**THE TASK**: Repeat the lines below exactly as written, please, from the line with "by apply: Rlt_le; apply: ln_increasing;" to the line with "10 * (P / (2 * (4", both lines included, and no others.

**DATA FOR REVIEW**:

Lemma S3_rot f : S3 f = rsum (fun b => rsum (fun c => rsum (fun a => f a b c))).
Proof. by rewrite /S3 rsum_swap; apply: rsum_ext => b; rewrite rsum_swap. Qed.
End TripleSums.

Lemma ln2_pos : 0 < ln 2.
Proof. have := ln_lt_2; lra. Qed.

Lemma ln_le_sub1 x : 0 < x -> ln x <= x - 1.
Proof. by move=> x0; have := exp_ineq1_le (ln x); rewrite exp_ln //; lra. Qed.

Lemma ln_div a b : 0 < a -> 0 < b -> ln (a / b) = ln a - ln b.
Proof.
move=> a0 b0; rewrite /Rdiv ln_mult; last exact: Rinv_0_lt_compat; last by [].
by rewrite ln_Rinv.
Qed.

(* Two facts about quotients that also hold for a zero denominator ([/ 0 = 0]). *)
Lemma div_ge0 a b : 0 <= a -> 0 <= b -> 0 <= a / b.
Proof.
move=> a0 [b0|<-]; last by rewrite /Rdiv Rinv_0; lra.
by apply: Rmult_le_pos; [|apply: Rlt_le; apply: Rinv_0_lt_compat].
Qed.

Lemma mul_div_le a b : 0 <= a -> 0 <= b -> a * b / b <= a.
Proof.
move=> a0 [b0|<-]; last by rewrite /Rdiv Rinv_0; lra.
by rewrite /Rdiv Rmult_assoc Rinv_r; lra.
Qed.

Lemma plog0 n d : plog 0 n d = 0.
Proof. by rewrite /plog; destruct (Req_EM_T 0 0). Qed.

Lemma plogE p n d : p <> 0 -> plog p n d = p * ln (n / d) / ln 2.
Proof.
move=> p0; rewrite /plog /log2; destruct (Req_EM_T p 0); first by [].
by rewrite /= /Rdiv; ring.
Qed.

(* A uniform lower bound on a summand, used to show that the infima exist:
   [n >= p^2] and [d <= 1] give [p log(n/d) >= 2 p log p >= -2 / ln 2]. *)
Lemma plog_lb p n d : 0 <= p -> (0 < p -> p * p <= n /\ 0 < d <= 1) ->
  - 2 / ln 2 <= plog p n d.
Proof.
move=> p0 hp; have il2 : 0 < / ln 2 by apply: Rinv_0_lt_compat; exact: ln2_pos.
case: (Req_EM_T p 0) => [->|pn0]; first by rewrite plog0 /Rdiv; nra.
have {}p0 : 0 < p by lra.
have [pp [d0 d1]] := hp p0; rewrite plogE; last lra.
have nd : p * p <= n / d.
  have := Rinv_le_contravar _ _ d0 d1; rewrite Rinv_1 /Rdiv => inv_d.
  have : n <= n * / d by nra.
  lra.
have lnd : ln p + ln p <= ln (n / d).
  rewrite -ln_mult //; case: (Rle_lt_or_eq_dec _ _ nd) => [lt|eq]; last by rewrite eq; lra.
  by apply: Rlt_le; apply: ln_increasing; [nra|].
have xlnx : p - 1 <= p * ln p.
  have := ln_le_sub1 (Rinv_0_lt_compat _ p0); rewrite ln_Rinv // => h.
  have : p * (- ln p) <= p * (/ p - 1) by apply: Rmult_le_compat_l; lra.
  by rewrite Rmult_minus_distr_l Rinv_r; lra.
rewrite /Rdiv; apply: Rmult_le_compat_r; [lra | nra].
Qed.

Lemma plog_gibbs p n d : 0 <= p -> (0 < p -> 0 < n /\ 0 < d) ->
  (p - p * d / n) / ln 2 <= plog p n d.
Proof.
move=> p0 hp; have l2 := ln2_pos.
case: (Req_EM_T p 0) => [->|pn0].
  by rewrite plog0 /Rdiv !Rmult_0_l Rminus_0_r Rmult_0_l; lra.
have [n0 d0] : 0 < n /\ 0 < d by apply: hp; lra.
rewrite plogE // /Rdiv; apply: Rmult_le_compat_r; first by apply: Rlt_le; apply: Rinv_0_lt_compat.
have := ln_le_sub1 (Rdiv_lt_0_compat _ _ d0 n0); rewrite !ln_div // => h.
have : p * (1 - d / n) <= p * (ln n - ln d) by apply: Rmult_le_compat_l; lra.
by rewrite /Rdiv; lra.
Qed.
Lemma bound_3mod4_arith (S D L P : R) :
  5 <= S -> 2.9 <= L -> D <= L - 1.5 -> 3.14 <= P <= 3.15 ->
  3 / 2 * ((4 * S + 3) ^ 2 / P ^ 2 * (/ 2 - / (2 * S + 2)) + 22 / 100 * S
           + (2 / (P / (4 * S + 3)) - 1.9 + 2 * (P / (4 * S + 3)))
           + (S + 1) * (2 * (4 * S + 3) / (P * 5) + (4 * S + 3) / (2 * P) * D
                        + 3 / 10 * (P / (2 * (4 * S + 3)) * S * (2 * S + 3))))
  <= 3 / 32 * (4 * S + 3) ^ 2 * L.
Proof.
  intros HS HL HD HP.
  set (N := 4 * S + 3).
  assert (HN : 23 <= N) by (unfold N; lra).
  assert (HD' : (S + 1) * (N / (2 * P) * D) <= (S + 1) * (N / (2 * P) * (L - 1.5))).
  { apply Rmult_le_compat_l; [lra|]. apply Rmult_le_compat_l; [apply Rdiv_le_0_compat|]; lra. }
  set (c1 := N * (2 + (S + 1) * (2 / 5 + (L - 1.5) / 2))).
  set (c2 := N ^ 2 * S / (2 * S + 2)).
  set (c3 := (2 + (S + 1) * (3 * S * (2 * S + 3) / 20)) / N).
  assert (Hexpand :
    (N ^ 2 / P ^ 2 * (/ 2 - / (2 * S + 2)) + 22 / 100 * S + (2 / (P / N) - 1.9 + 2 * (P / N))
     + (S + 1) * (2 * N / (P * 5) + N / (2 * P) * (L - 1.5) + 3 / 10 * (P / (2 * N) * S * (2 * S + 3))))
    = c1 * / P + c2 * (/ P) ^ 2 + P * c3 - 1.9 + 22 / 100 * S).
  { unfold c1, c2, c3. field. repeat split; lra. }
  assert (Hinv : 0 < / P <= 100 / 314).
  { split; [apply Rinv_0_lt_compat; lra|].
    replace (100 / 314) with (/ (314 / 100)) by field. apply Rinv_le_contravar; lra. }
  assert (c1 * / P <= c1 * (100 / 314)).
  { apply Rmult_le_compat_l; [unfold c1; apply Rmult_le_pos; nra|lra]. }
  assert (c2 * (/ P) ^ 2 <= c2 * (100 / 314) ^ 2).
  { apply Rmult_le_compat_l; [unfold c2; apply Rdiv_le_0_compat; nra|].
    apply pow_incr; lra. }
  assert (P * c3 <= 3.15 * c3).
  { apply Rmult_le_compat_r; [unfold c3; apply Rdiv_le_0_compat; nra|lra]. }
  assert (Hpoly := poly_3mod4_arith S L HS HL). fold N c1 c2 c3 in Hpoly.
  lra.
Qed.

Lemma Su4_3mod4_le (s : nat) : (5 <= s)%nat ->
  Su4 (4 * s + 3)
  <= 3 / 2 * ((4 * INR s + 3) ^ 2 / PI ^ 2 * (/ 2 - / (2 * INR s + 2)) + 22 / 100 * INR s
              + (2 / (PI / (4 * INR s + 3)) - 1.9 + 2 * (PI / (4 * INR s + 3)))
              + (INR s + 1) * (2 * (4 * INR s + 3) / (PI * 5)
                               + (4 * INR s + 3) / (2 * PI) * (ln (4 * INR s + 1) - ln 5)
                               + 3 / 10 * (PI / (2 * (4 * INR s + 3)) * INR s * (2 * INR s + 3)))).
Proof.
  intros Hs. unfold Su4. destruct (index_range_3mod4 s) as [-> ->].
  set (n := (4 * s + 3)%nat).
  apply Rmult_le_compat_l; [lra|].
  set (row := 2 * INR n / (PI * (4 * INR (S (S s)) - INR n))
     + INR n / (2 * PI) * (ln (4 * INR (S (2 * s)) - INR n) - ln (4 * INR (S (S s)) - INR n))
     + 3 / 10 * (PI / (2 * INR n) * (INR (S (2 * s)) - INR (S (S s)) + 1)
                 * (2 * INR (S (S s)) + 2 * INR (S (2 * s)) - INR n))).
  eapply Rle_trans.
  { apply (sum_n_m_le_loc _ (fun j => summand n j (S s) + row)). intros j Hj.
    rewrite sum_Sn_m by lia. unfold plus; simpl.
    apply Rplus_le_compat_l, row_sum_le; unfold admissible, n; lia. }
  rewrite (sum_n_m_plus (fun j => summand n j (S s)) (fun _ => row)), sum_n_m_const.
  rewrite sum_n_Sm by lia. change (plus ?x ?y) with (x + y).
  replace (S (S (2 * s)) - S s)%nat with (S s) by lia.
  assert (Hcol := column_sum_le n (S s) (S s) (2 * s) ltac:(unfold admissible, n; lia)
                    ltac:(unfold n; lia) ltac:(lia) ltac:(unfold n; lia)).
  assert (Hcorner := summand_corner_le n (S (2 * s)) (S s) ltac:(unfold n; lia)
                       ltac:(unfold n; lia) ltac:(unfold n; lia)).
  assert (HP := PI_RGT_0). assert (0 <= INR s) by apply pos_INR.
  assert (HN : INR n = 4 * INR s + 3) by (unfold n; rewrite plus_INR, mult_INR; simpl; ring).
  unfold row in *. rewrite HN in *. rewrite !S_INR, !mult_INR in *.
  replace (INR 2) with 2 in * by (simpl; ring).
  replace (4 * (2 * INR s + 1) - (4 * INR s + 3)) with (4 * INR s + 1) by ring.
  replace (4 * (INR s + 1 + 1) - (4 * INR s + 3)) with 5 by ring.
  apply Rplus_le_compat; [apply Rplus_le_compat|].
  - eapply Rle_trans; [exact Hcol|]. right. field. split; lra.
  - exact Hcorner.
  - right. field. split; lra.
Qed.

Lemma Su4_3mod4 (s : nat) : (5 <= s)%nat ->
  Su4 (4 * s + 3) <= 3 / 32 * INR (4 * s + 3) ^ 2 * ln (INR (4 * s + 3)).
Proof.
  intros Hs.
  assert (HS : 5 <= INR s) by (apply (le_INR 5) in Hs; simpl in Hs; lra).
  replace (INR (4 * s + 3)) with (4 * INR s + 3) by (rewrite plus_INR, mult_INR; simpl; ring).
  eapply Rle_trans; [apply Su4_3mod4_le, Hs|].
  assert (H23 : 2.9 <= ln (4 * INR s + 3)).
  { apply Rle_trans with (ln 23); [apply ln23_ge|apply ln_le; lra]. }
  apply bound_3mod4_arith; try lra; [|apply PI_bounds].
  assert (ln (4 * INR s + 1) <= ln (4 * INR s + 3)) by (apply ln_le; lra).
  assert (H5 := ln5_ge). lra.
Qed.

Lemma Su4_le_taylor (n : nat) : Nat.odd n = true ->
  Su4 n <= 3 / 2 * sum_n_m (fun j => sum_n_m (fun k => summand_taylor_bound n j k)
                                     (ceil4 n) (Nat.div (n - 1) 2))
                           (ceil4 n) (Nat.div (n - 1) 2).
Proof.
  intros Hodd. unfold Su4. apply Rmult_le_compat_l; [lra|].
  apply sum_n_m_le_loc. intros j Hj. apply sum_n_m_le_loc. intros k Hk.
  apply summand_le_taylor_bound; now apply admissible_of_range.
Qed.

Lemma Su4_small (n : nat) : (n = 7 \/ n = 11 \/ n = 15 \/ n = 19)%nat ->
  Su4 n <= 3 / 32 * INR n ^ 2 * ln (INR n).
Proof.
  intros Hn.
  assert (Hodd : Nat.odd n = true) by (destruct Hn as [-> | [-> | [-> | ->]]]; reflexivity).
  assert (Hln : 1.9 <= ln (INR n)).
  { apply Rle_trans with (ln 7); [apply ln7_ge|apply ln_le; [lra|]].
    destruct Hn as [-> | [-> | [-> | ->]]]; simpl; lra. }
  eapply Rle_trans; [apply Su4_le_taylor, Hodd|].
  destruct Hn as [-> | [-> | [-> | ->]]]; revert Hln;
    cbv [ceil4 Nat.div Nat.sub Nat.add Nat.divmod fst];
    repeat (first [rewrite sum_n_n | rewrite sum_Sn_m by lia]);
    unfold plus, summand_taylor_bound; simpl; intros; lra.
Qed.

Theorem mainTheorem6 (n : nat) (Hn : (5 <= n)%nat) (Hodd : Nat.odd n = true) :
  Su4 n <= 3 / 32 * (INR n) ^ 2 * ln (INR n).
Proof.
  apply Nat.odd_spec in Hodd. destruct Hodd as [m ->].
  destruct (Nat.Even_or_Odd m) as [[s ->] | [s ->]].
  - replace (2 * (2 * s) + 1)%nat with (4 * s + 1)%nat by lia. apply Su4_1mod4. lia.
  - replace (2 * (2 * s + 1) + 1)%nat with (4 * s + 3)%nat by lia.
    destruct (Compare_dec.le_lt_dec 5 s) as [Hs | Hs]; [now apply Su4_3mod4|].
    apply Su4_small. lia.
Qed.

**WRITTEN ANSWER**:
  by apply: Rlt_le; apply: ln_increasing; [nra|].
have xlnx : p - 1 <= p * ln p.
  have := ln_le_sub1 (Rinv_0_lt_compat _ p0); rewrite ln_Rinv // => h.
  have : p * (- ln p) <= p * (/ p - 1) by apply: Rmult_le_compat_l; lra.
  by rewrite Rmult_minus_distr_l Rinv_r; lra.
rewrite /Rdiv; apply: Rmult_le_compat_r; [lra | nra].
Qed.

Lemma plog_gibbs p n d : 0 <= p -> (0 < p -> 0 < n /\ 0 < d) ->
  (p - p * d / n) / ln 2 <= plog p n d.
Proof.
move=> p0 hp; have l2 := ln2_pos.
case: (Req_EM_T p 0) => [->|pn0].
  by rewrite plog0 /Rdiv !Rmult_0_l Rminus_0_r Rmult_0_l; lra.
have [n0 d0] : 0 < n /\ 0 < d by apply: hp; lra.
rewrite plogE // /Rdiv; apply: Rmult_le_compat_r; first by apply: Rlt_le; apply: Rinv_0_lt_compat.
have := ln_le_sub1 (Rdiv_lt_0_compat _ _ d0 n0); rewrite !ln_div // => h.
have : p * (1 - d / n) <= p * (ln n - ln d) by apply: Rmult_le_compat_l; lra.
by rewrite /Rdiv; lra.
Qed.
Lemma bound_3mod4_arith (S D L P : R) :
  5 <= S -> 2.9 <= L -> D <= L - 1.5 -> 3.14 <= P <= 3.15 ->
  3 / 2 * ((4 * S + 3) ^ 2 / P ^ 2 * (/ 2 - / (2 * S + 2)) + 22 / 100 * S
           + (2 / (P / (4 * S + 3)) - 1.9 + 2 * (P / (4 * S + 3)))
           + (S + 1) * (2 * (4 * S + 3) / (P * 5) + (4 * S + 3) / (2 * P) * D
                        + 3 / 10 * (P / (2 * (4 * S + 3)) * S * (2 * S + 3))))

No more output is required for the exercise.